Operational Amplifier – Constant Current LED Driver Using Opamp

You have some boundary conditions: In your circuit the collector voltage is zero because the inverting input is a virtual ground. Also in the transdiode configuration, Ic=Ie, and Ve=Vout.

Use a reasonable approximation to the Ebers-Moll equation for currents that are greater than a uA. $$I_{c}\; =\; I_{s}\; e^{-\frac{qV_{E}}{kT}}$$ Is is emitter reverse saturation current. You solve for a variable in the exponent of an exponential by using its inverse, the natural log. $$\ln \left( \frac{I_{c}}{I_{s}} \right)\; =\; \frac{qV_{E}}{kT}$$ and solve for V $$V_{E}\; =\; -\frac{kT}{q}\; \ln \left( \frac{I_{c}}{I_{s}} \right)$$ This is V across the transistor junction and because the virtual ground at the inverting input is zero, this is V on the output, and is negative (inverted of course).

In your circuit, current into the virtual ground must equal current out, so current through the transistor is the same as current through the resistor. This means $$I_{c}\; =\; \frac{V_{in}}{R_{1}}$$ and substituting $$V_{E}\; =\; V_{o\; }=\; -\frac{kT}{q}\; \ln \left( \frac{V_{in}}{I_{s}R_{1}} \right)$$ kT/q has units of volts so for simplicity, replace with a scaling voltage in front. $$V_{o\; }=\; -V_{t}\; \ln \left( \frac{V_{in}}{I_{s}R_{1}} \right)$$

This is the first time I have used LaTex so I was a little distracted. Hope it makes sense. There are approximations and simplifications I can expand on.

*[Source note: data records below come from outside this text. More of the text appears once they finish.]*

(* On [(0, PI)] the derivative is negative since [sin t cos t < t]. *)
Lemma phi_decreasing a u v : 0 <= a -> 0 <= u -> u < v -> v <= PI -> phi a v < phi a u.
Proof.
  intros Ha Hu Huv Hv.
  destruct (MVT_cor2 (phi a) (fun t => 3 * sin t * (sin t * cos t - (a + t))) u v Huv)
    as [c [Hdiff Hc]]; [intros; apply derivable_pt_lim_phi|].
  assert (Hsin : 0 < sin c) by (apply sin_gt_0; lra).
  pose proof (sin_lt_x c ltac:(lra)). pose proof (COS_bound c).
  assert (sin c * cos c - (a + c) < 0) by nra.
  assert (3 * sin c * (sin c * cos c - (a + c)) < 0) by nra.
  nra.
Qed.

Lemma phi_root_unique a t1 t2 : 0 <= a -> 0 <= t1 <= PI -> 0 <= t2 <= PI ->
  phi a t1 = 0 -> phi a t2 = 0 -> t1 = t2.
Proof.
  intros Ha H1 H2 E1 E2. destruct (Rtotal_order t1 t2) as [Hlt | [Heq | Hgt]]; auto.
  - pose proof (phi_decreasing a t1 t2 Ha ltac:(lra) Hlt ltac:(lra)); lra.
  - pose proof (phi_decreasing a t2 t1 Ha ltac:(lra) Hgt ltac:(lra)); lra.
Qed.

Definition phi_root (a : R) (Ha : 0 < a) : {t | 0 < t < PI / 2 /\ phi a t = 0}.
Proof.
  assert (H0 : - phi a 0 < 0) by (rewrite phi_0; lra).
  assert (H1 : 0 < - phi a (PI / 2)) by (rewrite phi_PI2; lra).
  destruct (IVT (fun t => - phi a t) 0 (PI / 2) (continuity_opp _ (continuity_phi a))
              PI2_RGT_0 H0 H1) as [t [Ht E]].
  exists t. assert (E' : phi a t = 0) by lra. split; [|exact E'].
  split; apply Rnot_le_lt; intros Hle.
  - assert (t = 0) by lra; subst t. rewrite phi_0 in E'. lra.
  - assert (t = PI / 2) by lra; subst t. rewrite phi_PI2 in E'. lra.
Defined.
Lemma phiinv_pmul_zpow P Q NP NQ r : bounded_by P NP -> bounded_by Q NQ ->
  phiinv Q = zpow r -> phiinv (pmul D P Q) = zshift r (phiinv P).
Proof.
move=> hP hQ eQ; have hr : r <= NQ.
  by apply: (@zpow_bounded_le R); rewrite -eQ; apply: phiinv_bounded.
apply: functional_extensionality => m; rewrite (phiinv_pmul _ hP hQ).
rewrite /zshift (phiinvE hP (_ : m - NQ <= m - r) (lexx NP)); last lia.
by apply: eq_bigr => i _; rewrite (phiinv_dcomp_zpow hQ eQ).
Qed.

Lemma phi_lax : bounded (phi hf (zser R)) /\ phiinv (phi hf (zser R)) = zpow 1.
Proof. exact: phi_spec (@zpow_bounded R 1). Qed.

Lemma phiinv_pmul_lax_pow P N j : bounded_by P N ->
  phiinv (pmul D P (ppow D (phi hf (zser R)) j)) = zshift j (phiinv P).
Proof.
have [[NL hL] eL] := phi_lax.
move=> hP; elim: j => [|j IH].
  by rewrite (pmulp1 hP); apply: functional_extensionality => m; rewrite /zshift subr0.
rewrite [ppow _ _ _]/= (pmulA hP (ppow_bounded (j := j) hL) hL).
rewrite (phiinv_pmul_zpow (pmul_bounded hP (ppow_bounded (j := j) hL)) hL eL) IH.
by apply: functional_extensionality => m; rewrite /zshift; congr phiinv; lia.
Qed.

(** * Rational Lax operators *)

Section KPcurrents.
Variables (H : nat -> series R) (ac : nat -> R).
Hypothesis HH : forall j : nat, KPcurrent hf j (H j).
(** Time lifting L : lifted[l] = [v[lF]; v[lF+1]; ...; v[lF+F-1]] in R^(F n).
    (mxvec stacks the rows of an F x n matrix, row i first, i.e. index i*n+j.) *)
Definition tlift (R : realType) n (F : nat) (v : signal R n) : signal R (F * n) :=
  fun l => (mxvec (\matrix_(i < F, j < n) v (l * F + i)%N j ord0))^T.

Definition tunlift (R : realType) n (F : nat) (HF : (0 < F)%N) (w : signal R (F * n)) : signal R n :=
  fun t => (row (Ordinal (ltn_pmod t HF)) (vec_mx (w (t %/ F)%N)^T))^T.

Definition liftop (R : realType) m n (F : nat) (HF : (0 < F)%N)
  (G : signal R m -> signal R n) : signal R (F * m) -> signal R (F * n) :=
  fun w => tlift F (G (tunlift HF w)).

(** For causal LTI operators this determines the operator. *)
Definition impulse (R : realType) m (j : 'I_m) : signal R m :=
  fun t => if t == 0%N then delta_mx j ord0 else 0.

Definition impresp (R : realType) m n (G : signal R m -> signal R n) (k : nat) : 'M[R]_(n, m) :=
  \matrix_(i < n, j < m) G (impulse R j) k i ord0.

Definition ztr_abs (R : realType) m n (g : nat -> 'M[R]_(n, m)) (z : R[i]) : Prop :=
  forall i j, cvgn (series (fun k => (`| (g k i j)%:C%C * z ^- k | : (R[i])^o))).

Definition ztr (R : realType) m n (g : nat -> 'M[R]_(n, m)) (z : R[i]) : 'M[R[i]]_(n, m) :=
  \matrix_(i, j) limn (series (fun k => ((g k i j)%:C%C * z ^- k : (R[i])^o))).

Definition expj (R : realType) (theta : R) : R[i] := (cos theta +i* sin theta)%C.

(** M(z): F x F block matrix with (i,k) block (z phi^i)^{-k} I_n, phi = e^{j 2 pi / F};
    flattened index a = i*n + p (same layout as [tlift]). *)
Definition Mz (R : realType) (F n : nat) (z : R[i]) : 'M[R[i]]_(F * n) :=
  \matrix_(a, b) ((z * expj (2 * pi / F%:R) ^+ (a %/ n)%N) ^- (b %/ n)%N
                  * ((a %% n)%N == (b %% n)%N)%:R).

Definition freqlift (R : realType) m n (F : nat) (HF : (0 < F)%N)
  (G : signal R m -> signal R n) (z : R[i]) : 'M[R[i]]_(F * n, F * m) :=
  Mz F n z *m ztr (impresp (liftop HF G)) (z ^+ F) *m invmx (Mz F m z).

From HB Require Import structures.
From mathcomp Require Import all_boot all_order all_algebra.
From mathcomp Require Import all_classical all_reals all_analysis.
From mathcomp Require Import complex.
From mathcomp Require Import zify.
Import Order.TTheory GRing.Theory Num.Theory.
Import numFieldNormedType.Exports.
Local Open Scope ring_scope.
Local Open Scope classical_set_scope.
Set Implicit Arguments. Unset Strict Implicit. Unset Printing Implicit Defensive.

(* The loop identity P_h (I + H_u K_l S_d P_h) = (I + P_h H_u K_l S_d) P_h, pushed through
   the two inverses, gives J_LPTV = P_h S_LPTV; lifting in time, J_ = P_ S_, i.e.
   P_ = J_ S_^-1.  The time-lifted plant is again linear, causal and time invariant, hence
   it acts by convolution with its own impulse response, and the impulse response of J_
   is the convolution of those of P_ and S_.  Under absolute convergence the z-transform
   turns this convolution into a product (Cauchy product of series), and conjugation by
   M(z) preserves products, so J~ = P~ S~. *)

Lemma sum_antidiag (V : nmodType) (f : nat -> nat -> V) N :
  \sum_(0 <= k < N) \sum_(i < k.+1) f i (k - i)%N =
  \sum_(0 <= i < N) \sum_(0 <= j < N - i) f i j.
Proof.
elim: N => [|N IH]; first by rewrite !big_geq.
rewrite big_nat_recr //= IH big_ord_recr /= subnn [RHS]big_nat_recr //= subSnn big_nat1.
rewrite addrA -(big_mkord xpredT (fun i => f i (N - i)%N)) -big_split /=; congr (_ + _).
by apply: eq_big_nat => i /andP[_ iN]; rewrite subSn 1?ltnW // big_nat_recr.
Qed.

Section CauchyProduct.
Variable K : numFieldType.
Implicit Types a b : nat -> K.

Definition cauchy_product a b k := \sum_(i < k.+1) a i * b (k - i)%N.

Lemma series_mul_cauchy a b N :
  series a N * series b N =
  series (cauchy_product a b) N + \sum_(0 <= i < N) \sum_(N - i <= j < N) a i * b j.
Proof.
rewrite /series /cauchy_product /= mulr_suml (sum_antidiag (fun i j => a i * b j)).
rewrite -big_split /=; apply: eq_bigr => i _.
by rewrite mulr_sumr -big_cat_nat ?leq_subr.
Qed.
(* Let $a_1,a_2\in\mathbb{R}$ with $|a_1a_2|=1$, $a_2>0$ and $a_1<0$, and let $$R=\begin{pmatrix} 1 & a_1 \\ a_2 & 1 \end{pmatrix}.$$ Then for every driving function $f$ the Skorokhod problem with matrix $R$ has a unique solution.
   Context: For $b=(b_1,b_2)\in\mathbb{R}^2$ write $b\ge 0$ if $b_1\ge 0$ and $b_2\ge 0$, and let $D=\{b\in\mathbb{R}^2: b\ge 0\}$. A driving function is a continuous function $f:[0,\infty)\to\mathbb{R}^2$ with $f(0)\ge 0$. Given a real $2\times 2$ matrix $R$ and a driving function $f$, a solution of the Skorokhod problem is a pair $(g,m)$ where (1) $g:[0,\infty)\to D$ is continuous; (2) $m=(m_1,m_2):[0,\infty)\to\mathbb{R}^2$ is continuous with $m(0)=0$ and each $m_j$ non-decreasing; (3) $g(t)=f(t)+Rm(t)$ for all $t\ge 0$; and (4) for $j=1,2$, $m_j$ increases only when $g_j=0$, i.e. $\int_0^\infty g_j(t)\,dm_j(t)=0$. ''Unique solution'' means there is exactly one such pair $(g,m)$. *)

(* concrete reals R. Functions on [0,oo) are represented as
   functions R -> R whose values for t < 0 are irrelevant. *)
From Stdlib Require Import Reals.
Open Scope R_scope.

Definition cont_nonneg (h : R -> R) : Prop :=
  forall t, 0 <= t -> forall eps, 0 < eps ->
    exists delta, 0 < delta /\
      forall s, 0 <= s -> Rabs (s - t) < delta -> Rabs (h s - h t) < eps.

Definition nondecr_nonneg (h : R -> R) : Prop :=
  forall s t, 0 <= s -> s <= t -> h s <= h t.

(* "m increases only when g = 0": whenever m strictly increases over [s,t],
   g vanishes somewhere in [s,t]  (for continuous g >= 0 and nondecreasing
   continuous m this is equivalent to  int_0^oo g dm = 0). *)
Definition increases_only_at_zero (g m : R -> R) : Prop :=
  forall s t, 0 <= s -> s <= t -> m s < m t ->
    exists u, s <= u <= t /\ g u = 0.

Definition driving (f1 f2 : R -> R) : Prop :=
  cont_nonneg f1 /\ cont_nonneg f2 /\ 0 <= f1 0 /\ 0 <= f2 0.

Definition SP_solution (r11 r12 r21 r22 : R) (f1 f2 g1 g2 m1 m2 : R -> R)
  : Prop :=
  cont_nonneg g1 /\ cont_nonneg g2 /\
  (forall t, 0 <= t -> 0 <= g1 t /\ 0 <= g2 t) /\
  cont_nonneg m1 /\ cont_nonneg m2 /\ m1 0 = 0 /\ m2 0 = 0 /\
  nondecr_nonneg m1 /\ nondecr_nonneg m2 /\
  (forall t, 0 <= t ->
     g1 t = f1 t + (r11 * m1 t + r12 * m2 t) /\
     g2 t = f2 t + (r21 * m1 t + r22 * m2 t)) /\
  increases_only_at_zero g1 m1 /\ increases_only_at_zero g2 m2.

Definition SP_unique_solution (r11 r12 r21 r22 : R) (f1 f2 : R -> R) : Prop :=
  (exists g1 g2 m1 m2, SP_solution r11 r12 r21 r22 f1 f2 g1 g2 m1 m2) /\
  (forall g1 g2 m1 m2 g1' g2' m1' m2',
     SP_solution r11 r12 r21 r22 f1 f2 g1 g2 m1 m2 ->
     SP_solution r11 r12 r21 r22 f1 f2 g1' g2' m1' m2' ->
     forall t, 0 <= t ->
       g1 t = g1' t /\ g2 t = g2' t /\ m1 t = m1' t /\ m2 t = m2' t).
(* Let $\mathcal{N}$ be a sound, acyclic, deterministic negotiation and $B\subseteq N$, and suppose Eve has a deterministic positional winning strategy $\sigma$ in the game $G(\mathcal{N},B)$. Let $S$ be the set of nodes of $\mathcal{N}$ that are reached on some play from $n_{\mathit{init}}$ respecting $\sigma$. Then there exists a successful run of $\mathcal{N}$ whose set of occurring nodes is precisely $S$.
   Context: A negotiation is a tuple $\mathcal{N}=(\mathit{Proc},N,\mathit{dom},R,\delta)$ where $\mathit{Proc}$ is a finite set of processes, $N$ is a finite set of nodes, $\mathit{dom}:N\to 2^{\mathit{Proc}}\setminus\{\emptyset\}$, there are two distinguished nodes $n_{\mathit{init}},n_{\mathit{fin}}$ with $\mathit{dom}(n_{\mathit{init}})=\mathit{dom}(n_{\mathit{fin}})=\mathit{Proc}$, $R$ is a set of results, each node $n$ has a set $\mathit{out}(n)\subseteq R$ of results (nonempty for $n\neq n_{\mathit{fin}}$), and $\delta(n,a,p)\subseteq N$ is defined and nonempty exactly when $a\in\mathit{out}(n)$ and $p\in\mathit{dom}(n)$, with $p\in\mathit{dom}(n')$ for all $n'\in\delta(n,a,p)$. $\mathcal{N}$ is deterministic if every $\delta(n,a,p)$ is a singleton, identified with its element. A configuration is a map $C$ assigning to each process a nonempty set of nodes; $C_{\mathit{init}}(p)=\{n_{\mathit{init}}\}$, $C_{\mathit{fin}}(p)=\{n_{\mathit{fin}}\}$. A node $n$ is enabled in $C$ if $n\in C(p)$ for all $p\in\mathit{dom}(n)$. If $n$ is enabled and $a\in\mathit{out}(n)$ then $C\xrightarrow{(n,a)}C'$ with $C'(p)=\delta(n,a,p)$ for $p\in\mathit{dom}(n)$, $C'(p)=C(p)$ otherwise. A run is a sequence $(n_1,a_1)(n_2,a_2)\cdots$ of such steps; a successful run is a finite run from $C_{\mathit{init}}$ to $C_{\mathit{fin}}$; $\mathcal{N}$ is sound if every finite run from $C_{\mathit{init}}$ can be extended to a successful run. The graph of $\mathcal{N}$ has vertex set $N$ and edges $n\to n'$ whenever $n'\in\delta(n,a,p)$ for some $a,p$; $\mathcal{N}$ is acyclic if this graph is. The two-player game $G(\mathcal{N},B)$ (players Eve and Adam) for deterministic $\mathcal{N}$ and $B\subseteq N$: Eve's positions are $N\setminus B$, Adam's positions are $N\times R$; the moves are $n\to(n,a)$ for $n\in N\setminus B$, $a\in\mathit{out}(n)$, and $(n,a)\to\delta(n,a,p)$ for $n\in N$, $a\in\mathit{out}(n)$, $p\in\mathit{dom}(n)$. The initial position is $n_{\mathit{init}}$; a play is a maximal path from it. Adam wins a play if it reaches a node of $B$; Eve wins if it reaches $n_{\mathit{fin}}$. A deterministic positional strategy for Eve is a function $\sigma:N\to R$ (with $\sigma(n)\in\mathit{out}(n)$); a play respects $\sigma$ if from each Eve position $n$ it moves to $(n,\sigma(n))$; $\sigma$ is winning if every play from $n_{\mathit{init}}$ respecting $\sigma$ is won by Eve. *)

From HB Require Import structures.
From mathcomp Require Import all_boot.
Set Warnings "-notation-overridden".
Set Implicit Arguments. Unset Strict Implicit. Unset Printing Implicit Defensive.
Lemma is_flow_states m : (0 < r)%N ->
  is_flow n m <-> (forall i, (i < r)%N -> outflow m i = flow_state m i 0)
                  /\ flow_state m r 0 = n.
Proof.
move=> r_gt0; rewrite flow_state0 //.
have r_neq0 : (r == 0) = false by lia.
split=> [/is_flowP flow | [out_i in_r]].
  split=> [i ir|]; last first.
    by have /eqP := flow r (leqnn r); rewrite outflow_last eqxx r_neq0; lia.
  have /eqP := flow i (ltnW ir); rewrite flow_state0 1?ltnW //.
  have -> : (i == r) = false by lia.
  by rewrite addn0.
apply/is_flowP => t; rewrite leq_eqVlt => /orP[/eqP -> | tr].
  by rewrite /conservation outflow_last eqxx r_neq0; apply/eqP; lia.
rewrite /conservation out_i // flow_state0 1?ltnW //.
by rewrite (_ : (t == r) = false) ?addn0 //; lia.
Qed.

Lemma jseq_of_flowP m : (0 < r)%N -> (0 < n)%N ->
  is_juggling_seq [:: n%:Z] [:: n%:Z] r (jseq_of_flow m) <-> is_flow n m.
Proof.
move=> r_gt0 n_gt0; rewrite is_flow_states //.
have first_state : state_seq m 0 = [:: n%:Z].
  apply/state_seq_single => // [k|]; first by rewrite /flow_state big_ord0.
  by rewrite /flow_state big_ord0 mul1n addn0.
have last_state : state_seq m r = [:: n%:Z] <-> flow_state m r 0 = n.
  by apply: state_seq_single => // k; apply: flow_state_out; lia.
split=> [[_ _ _ ss_r steps] | [out_i in_r]].
  split; last by apply/last_state; rewrite -nth_jseq_of_flow.
  move=> i ir; apply/jstep_state_seq => //.
  by rewrite -!nth_jseq_of_flow ?(ltnW ir) //; apply: steps.
split=> [||||i ir]; rewrite ?nth_jseq_of_flow //.
- exact: size_mkseq.
- by move=> s /mapP[i _ ->]; apply: is_state_trim.
- exact/last_state.
- exact/jstep_state_seq/out_i.
- exact: ltnW.
Qed.

(* The number of balls thrown at time a that land at time b. *)
Definition throw ss a b : int :=
  (nth [::] ss a.+1)`_(b - a).-1 - (nth [::] ss a)`_(b - a).

Definition flow_of_jseq ss : {ffun posroot r -> nat} :=
  [ffun p : posroot r => `|throw ss (val p).1 (val p).2|%N].

Lemma flow_of_jseqK m : flow_of_jseq (jseq_of_flow m) = m.
Proof.
apply/ffunP => -[[i j] ij]; rewrite ffunE /throw -(mult_val m (exist _ (i, j) ij)).
have [ir jr] : (i < r /\ j <= r)%N by move: ij (ltn_ord j) => /=; lia.
rewrite !nth_jseq_of_flow ?nth_state_seq /= ?(ltnW ir) //.
have -> : (j - i)%N = (j - i).-1.+1 by move: ij => /=; lia.
rewrite flow_stateS PoszD addrAC subrr add0r.
by have -> : (i + (j - i).-1).+1 = j by move: ij => /=; lia.
Qed.

Lemma jstep_ge0 s t k : jstep s t -> 0 <= t`_k - s`_k.+1.
Proof. by case=> c [_ ->]; rewrite addrAC subrr add0r. Qed.

Section JugglingSequenceToFlow.

Variable ss : seq (seq int).
Hypothesis ss_jseq : is_juggling_seq [:: n%:Z] [:: n%:Z] r ss.

Lemma nth_jseq_throws i k :
  (nth [::] ss i)`_k = ((i + k == 0) * n)%N%:Z + \sum_(a < i) throw ss a (i + k).
Proof.
have [_ _ ss0 _ _] := ss_jseq.
elim: i k => [|i IH] k.
  by rewrite ss0 big_ord0 addr0; case: k => [|k] /=; rewrite ?mul1n ?nth_nil.
rewrite big_ord_recr addrA addSnnS -IH /throw.
have -> : (i + k.+1 - i = k.+1)%N by lia.
by rewrite addrC subrK.
Qed.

Here is an application note circuit that may be useful. The power monitor chip is more economical than an analog multiplier and allows the load to be grounded, which is a big advantage in many applications.

As it says in the app note, the circuit can be scaled easily and the simple linear output stage could be replaced with a SMPS block.

The circuit controls the power to the load in parallel with the divider so it tails off a bit at high load resistances, but it's still not too shabby even at the 100mW output level.

Your circuit looks conceptually okay, concerns would include the input voltage range of the instrumentation amplifier and its common-mode rejection. Stability is the most likely thing to cause headaches in many of these circuits.